6

Volví a casa en coche, pensando en el horror, esforzándome por desconectar el Canal de lo Impensable.

El cadáver regresaba flotando a mi cerebro.

Encendí la radio y subí tanto el volumen que me dolían los oídos. Sabía que cada estallido de aquel estruendo me arrancaba unos cuantos pelillos minúsculos del canal auditivo, pero supuse que el caso justificaba un poco de pérdida de audición. Sin embargo, pese al zapeo de una emisora tras otra, no encontré más que un caldo flojo de cancioncillas desapasionadas y un parloteo que me ponía de los nervios y no me servía de nada, así que paré el coche, abrí el maletero y saqué una caja negra de plástico, abollada, que llevaba años sin tocar.

Casetes.

Para cualquiera con menos de treinta años, tan poco relevantes como un cilindro de cera. El Seville tiene una opinión distinta. Es un modelo del 79, que salió de Detroit pocos meses después de que Detroit convirtiera a sus sucesores en coches inflables. Veinticinco mil kilómetros de su tercer motor, con suspensión mejorada. Los cambios habituales de aceite y filtros lo mantenían en calma. Le añadí un lector de CD hace unos años, y hace poco un sistema de manos libres para el teléfono. Pero me he resistido al MP3 y he conservado la pletina original para las cintas porque en mi época de estudiante las cintas eran un gran lujo y tengo montones de ellas, compradas de segunda mano cuando eso tenía alguna importancia.
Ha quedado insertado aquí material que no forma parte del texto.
(* cosh s <= exp (s ^ 2) on [0, 1/2]: write exp (+-s) = exp (+-v) ^ 2 with
   v = s/2, bound exp (+-v) by 1 / (1 -+ v), and compare rational functions. *)
Lemma cosh_le (s : R) : 0 <= s <= 1/2 -> exp s + exp (- s) <= 2 * exp (s ^+ 2).
Proof.
case/andP => s0 s1; set v := s / 2.
have sv : s = v + v by rewrite /v; field.
have v0 : 0 <= v by rewrite /v; lra.
have v1 : v <= 1/4 by rewrite /v; lra.
clearbody v.
have hA : exp s = exp v ^+ 2 by rewrite sv expD expr2.
have hB : exp (- s) = exp (- v) ^+ 2 by rewrite sv opprD expD expr2.
have A1 : exp v * (1 - v) <= 1 by apply: exp_mul1B_le1; lra.
have B1 : exp (- v) * (1 + v) <= 1.
  have nv1 : - v < 1 by lra.
  by have := exp_mul1B_le1 nv1; rewrite opprK.
have A0 := exp_gt0 v; have B0 := exp_gt0 (- v).
have e2 := exp_ge1D (s ^+ 2).
rewrite hA hB; set A := exp v in A1 A0 *; set B := exp (- v) in B1 B0 *.
have sq_le1 (a b : R) : 0 < a -> 0 <= b -> a * b <= 1 -> a ^+ 2 * b ^+ 2 <= 1.
  move=> a0 b0 ab1; have ab0 : 0 <= a * b by apply: mulr_ge0 => //; exact: ltW.
  by rewrite -exprMn exprn_ile1.
have hA2 := sq_le1 _ _ A0 (ltac:(lra) : 0 <= 1 - v) A1.
have hB2 := sq_le1 _ _ B0 (ltac:(lra) : 0 <= 1 + v) B1.
have pos : 0 < (1 - v) ^+ 2 * (1 + v) ^+ 2.
  by apply: mulr_gt0; apply: exprn_gt0; lra.
have key : (A ^+ 2 + B ^+ 2) * ((1 - v) ^+ 2 * (1 + v) ^+ 2)
           <= (2 + 8 * v ^+ 2) * ((1 - v) ^+ 2 * (1 + v) ^+ 2).
  have v14 : 0 <= v <= 1/4 by apply/andP.
  apply: le_trans (inv_sqr_sum_le v14); rewrite mulrDl lerD //.
  - by rewrite mulrA -[X in _ <= X]mul1r ler_wpM2r ?sqr_ge0.
  - by rewrite [_ * (1 + v) ^+ 2]mulrC mulrA -[X in _ <= X]mul1r ler_wpM2r ?sqr_ge0.
rewrite ler_pM2r // in key.
have : 8 * v ^+ 2 = 2 * s ^+ 2 by rewrite sv; ring.
lra.
Qed.

(* Generating function of the number of agreements with a fixed x:
   the coordinates contribute independently a factor lam + 1. *)
Lemma sum_pow_agree (S : comNzRingType) (n : nat) (x : {ffun 'I_n -> bool}) (lam : S) :
  \sum_(y : {ffun 'I_n -> bool}) lam ^+ agree x y = (lam + 1) ^+ n.
Proof.
transitivity (\sum_(y : {ffun 'I_n -> bool}) \prod_(i < n) (if x i == y i then lam else 1)).
  apply: eq_bigr => y _; rewrite /agree -prodr_const big_mkcond /=.
  by apply: eq_bigr => i _; rewrite inE.
rewrite -(bigA_distr_bigA (fun (i : 'I_n) (b : bool) => if x i == b then lam else 1)) /=.
rewrite -[in RHS](card_ord n) -prodr_const; apply: eq_bigr => i _.
by rewrite big_bool /=; case: (x i) => /=; rewrite addrC.
Qed.

Section Chernoff.
Variable n : nat.

(* Chernoff bound: few assignments agree with x on more than (1/2 + xi) n
   coordinates.  Markov's inequality applied to exp (2 xi (agree x y)). *)
Lemma card_large_agree (x : {ffun 'I_n -> bool}) (xi : R) : 0 < xi < 1/2 ->
  \sum_(y : {ffun 'I_n -> bool})
     (if (1/2 + xi) * n%:R < (agree x y)%:R then 1 else 0)
    <= 2 ^+ n * exp (- xi ^+ 2) ^+ n.
Proof.
case/andP => xi0 xi1.
set t := 2 * xi; set lam := exp t; set c := exp (- (t * (1/2 + xi))).
have markov (y : {ffun 'I_n -> bool}) :
    (if (1/2 + xi) * n%:R < (agree x y)%:R then 1 else 0) <= lam ^+ agree x y * c ^+ n.
  have -> : lam ^+ agree x y * c ^+ n = exp (t * ((agree x y)%:R - (1/2 + xi) * n%:R)).
    rewrite /lam /c !exp_mulrn -expD -[t *+ _]mulr_natr -[(- _) *+ n]mulr_natr.
    by congr exp; ring.
  case: ifP => large; last exact/ltW/exp_gt0.
  by apply: exp_ge1; apply: mulr_ge0; rewrite /t; lra.
have per_coord : (lam + 1) * c <= 2 * exp (- xi ^+ 2).
  have -> : (lam + 1) * c = (exp xi + exp (- xi)) * exp (- (2 * xi ^+ 2)).
    rewrite mulrDl mul1r /lam /c -!expD mulrDl -!expD.
    by congr (_ + _); apply: congr1; rewrite /t; field.
  have -> : 2 * exp (- xi ^+ 2) = 2 * exp (xi ^+ 2) * exp (- (2 * xi ^+ 2)).
    by rewrite -mulrA -expD; congr (_ * exp _); ring.
  by rewrite ler_wpM2r ?cosh_le ?(ltW (exp_gt0 _)) //; apply/andP; split; lra.
apply: le_trans (ler_sum _ (fun y _ => markov y)) _.
rewrite -mulr_suml sum_pow_agree -!exprMn lerXn2r ?nnegrE //.
- by apply: mulr_ge0; [rewrite /lam; have := exp_gt0 t; lra | exact/ltW/exp_gt0].
- by apply: mulr_ge0; [lra | exact/ltW/exp_gt0].
Qed.

End Chernoff.

Lemma chebyshev_count (T : finType) (A : {set T}) (f : T -> R) (a c : R) : 0 <= c ->
  (#|[set t in A | c < `|f t - a|]|)%:R * c ^+ 2 <= \sum_(t in A) (f t - a) ^+ 2.
Proof.
move=> c0; rewrite card_set_in_sum natr_sum mulr_suml; apply: ler_sum => t _.
have [lt_c | _] /= := boolP (c < `|f t - a|); last by rewrite mul0r sqr_ge0.
rewrite mul1r -(real_normK (num_real (f t - a))) !expr2.
by apply: ler_pM => //; exact: ltW.
Qed.

Lemma sum_sq_centered (T : finType) (A : {set T}) (f : T -> R) (a : R) :
  \sum_(t in A) (f t - a) ^+ 2 =
  \sum_(t in A) f t ^+ 2 - 2 * a * \sum_(t in A) f t + a ^+ 2 * (#|A|)%:R.
Proof.
rewrite (eq_bigr (fun t => f t ^+ 2 + (- (2 * a) * f t + a ^+ 2))); last by move=> *; ring.
by rewrite !big_split /= -mulr_sumr sumr_const -mulr_natr; ring.
Qed.

Lemma two_pow_ge2 (k : nat) : (0 < k)%N -> 2 <= (2 : R) ^+ k.
Proof.
case: k => // k _; rewrite exprS.
have : 1 <= (2 : R) ^+ k by apply: exprn_ege1; lra.
lra.
Qed.

Lemma clause_prob_ge (k : nat) : (0 < k)%N -> 1/2 <= 1 - (2 ^+ k)^-1 :> R.
Proof.
move/two_pow_ge2 => h2; have : ((2 : R) ^+ k)^-1 <= 2^-1.
  by rewrite lef_pV2 ?posrE; lra.
lra.
Qed.

Lemma muE (n m : nat) (F : formula_t n m) : mu F = (nsat F)%:R / 2 ^+ n.
Proof. by rewrite /mu INRE RdivE RpowE. Qed.

Lemma dev_eventE (n m : nat) (p zeta : R) (F : formula_t n m) :
  dev_event n m p zeta F = (zeta * p < `|mu F - p|).
Proof.
by rewrite /dev_event; case: Rlt_dec => h; apply/esym; [apply/RltP | apply/negbTE/RltP].
Qed.

Section SecondMoment.
Variables (n k m : nat) (xi : R).
Hypotheses (k_gt0 : (0 < k)%N) (xi_range : 0 < xi < 1/2) (Ckn_gt0 : (0 < 'C(n, k))%N).
Local Notation assignment := {ffun 'I_n -> bool}.
Local Notation clauses := (clauses n k).

(* q: probability that a random clause is satisfied by a fixed assignment;
   r: bound on the probability that it is satisfied by two fixed assignments
   agreeing on at most (1/2 + xi) n coordinates;
   E: bound on the fraction of pairs agreeing on more coordinates. *)
Let q : R := 1 - (2 ^+ k)^-1.
Let r : R := q ^+ 2 + ((1 + 2 * xi) / 4) ^+ k.
Let E : R := exp (- xi ^+ 2) ^+ n.
Let N : R := (#|clauses|)%:R.

Let sat1 (x : assignment) := #|[set c in clauses | eval_clause c x]|.
Let sat2 (x y : assignment) := #|[set c in clauses | eval_clause c x && eval_clause c y]|.

Let q_ge : 1/2 <= q. Proof. exact: clause_prob_ge. Qed.
Let q_ge0 : 0 <= q. Proof. by have := q_ge; lra. Qed.
Let r_ge0 : 0 <= r.
Proof.
apply: addr_ge0; first exact: sqr_ge0.
by apply: exprn_ge0; case/andP: xi_range => *; lra.
Qed.
Let two_pow_k_ge2 : 2 <= (2 : R) ^+ k. Proof. exact: two_pow_ge2. Qed.

Let NE : N = ('C(n, k))%:R * 2 ^+ k.
Proof. by rewrite /N card_clauses natrM natrX. Qed.

Lemma sat1E (x : assignment) : (sat1 x)%:R = N * q.
Proof.
have := card_set_in_split clauses (fun c => eval_clause c x).
rewrite card_falsified => /(congr1 (fun t : nat => t%:R : R)); rewrite natrD -/N => h.
have -> : (sat1 x)%:R = N - ('C(n, k))%:R by rewrite -h addrK.
have hz0 : (2 : R) ^+ k != 0 by apply: lt0r_neq0; have := two_pow_k_ge2; lra.
by rewrite NE /q; field.
Qed.

Lemma sat2_le_sat1 (x y : assignment) : (sat2 x y <= sat1 x)%N.
Proof.
apply: subset_leq_card; apply/subsetP => c; rewrite !inE.
by case/andP => -> /andP[-> _].
Qed.

Let n_gt0 : (0 < n)%N.
Proof. by move: Ckn_gt0; rewrite bin_gt0; exact: leq_trans. Qed.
Cuando volví a entrar en el coche, el aullido de mi mente se había vuelto atronador. He visto muchas cosas malas y no suelo ponerme así, pero estoy bastante seguro de la procedencia de ese ruido: de cuando me escondía de mi padre si había bebido demasiado y decidía que debía castigar a alguien. Tapaba el bum-bum de mi corazón acelerado con un ruido de interferencias imaginarias.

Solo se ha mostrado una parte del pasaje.